#### Exercise details
Starting with the line that contains "induction n as [|n IH]; simpl poch;", reproduce each line through the end of the listing below, with no other output.

#### Information supplied
(* Let $a,b>0$ with $a+b\leq1$, let $c\geq0$, and let $$B_{a,b}(x)={}_2F_1(a,b;a+b;x)-\frac{a(a+1)b(b+1)}{(a+b)(a+b+1)}\,{}_2F_1(a,b;a+b+2;x)\,\big(c-\log(1-x)\big).$$ Then $\big(-B_{a,b}'\big)^{(n)}(x)>0$ for all $n\geq0$ and all $x\in(0,1)$.
   Context: ${}_2F_1$ is the Gauss hypergeometric function. *)

From Stdlib Require Import Reals Factorial.
From Coquelicot Require Import Coquelicot.
Open Scope R_scope.

Fixpoint poch (q : R) (k : nat) : R :=
  match k with
  | O => 1
  | S k' => poch q k' * (q + INR k')
  end.

Definition hyp2F1 (a b c x : R) : R :=
  PSeries (fun k => poch a k * poch b k / (poch c k * INR (fact k))) x.

Definition Bab (a b c : R) (x : R) : R :=
  hyp2F1 a b (a + b) x
  - (a * (a + 1) * b * (b + 1)) / ((a + b) * (a + b + 1))
    * hyp2F1 a b (a + b + 2) x * (c - ln (1 - x)).

(* Since -log(1-x) = sum_{n>=1} x^n/n, on (-1,1) the function B_{a,b} is a power
   series sum beta_n x^n whose coefficients grow at most linearly (this is where
   a + b <= 1 is used: the coefficients of both 2F1's then lie in [0,1]).  It is
   enough that beta_n < 0 for n >= 1, since -B' and all its derivatives then have
   positive coefficients.  With f_n, g_n the coefficients of 2F1(a,b;a+b;x) and
   2F1(a,b;a+b+2;x) and K the constant in front,
     beta_n = f_n - K c g_n - K sum_{k<n} g_k / (n-k),
   and 1/(n-k) >= 1/n together with the closed form
     K sum_{k<n} g_k = n f_n (n+a+b+ab) / (n+a+b)
   shows that the last term alone exceeds f_n. *)

From Stdlib Require Import Reals Factorial Lra Lia Psatz.
From Coquelicot Require Import Coquelicot.
Open Scope R_scope.

Lemma poch_pos (q : R) (n : nat) : 0 < q -> 0 < poch q n.
Proof.
  intros hq; induction n as [|n IH]; simpl; [lra|].
  pose proof (pos_INR n); apply Rmult_lt_0_compat; lra.
Qed.

Lemma poch_shift2 (q : R) (n : nat) :
  poch (q + 2) n * (q * (q + 1)) = poch q n * ((q + INR n) * (q + INR n + 1)).
Proof.
  induction n as [|n IH]; simpl poch; [simpl; ring|].
  rewrite S_INR.
  replace (poch (q + 2) n * (q + 2 + INR n) * (q * (q + 1)))
    with (poch (q + 2) n * (q * (q + 1)) * (q + 2 + INR n)) by ring.
  rewrite IH; ring.
Qed.

Definition hyp2F1_coef (a b q : R) (n : nat) : R :=
  poch a n * poch b n / (poch q n * INR (fact n)).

#### Answer section
  induction n as [|n IH]; simpl poch; [simpl; ring|].
  rewrite S_INR.
  replace (poch (q + 2) n * (q + 2 + INR n) * (q * (q + 1)))
    with (poch (q + 2) n * (q * (q + 1)) * (q + 2 + INR n)) by ring.
  rewrite IH; ring.
Qed.

Definition hyp2F1_coef (a b q : R) (n : nat) : R :=
  poch a n * poch b n / (poch q n * INR (fact n)).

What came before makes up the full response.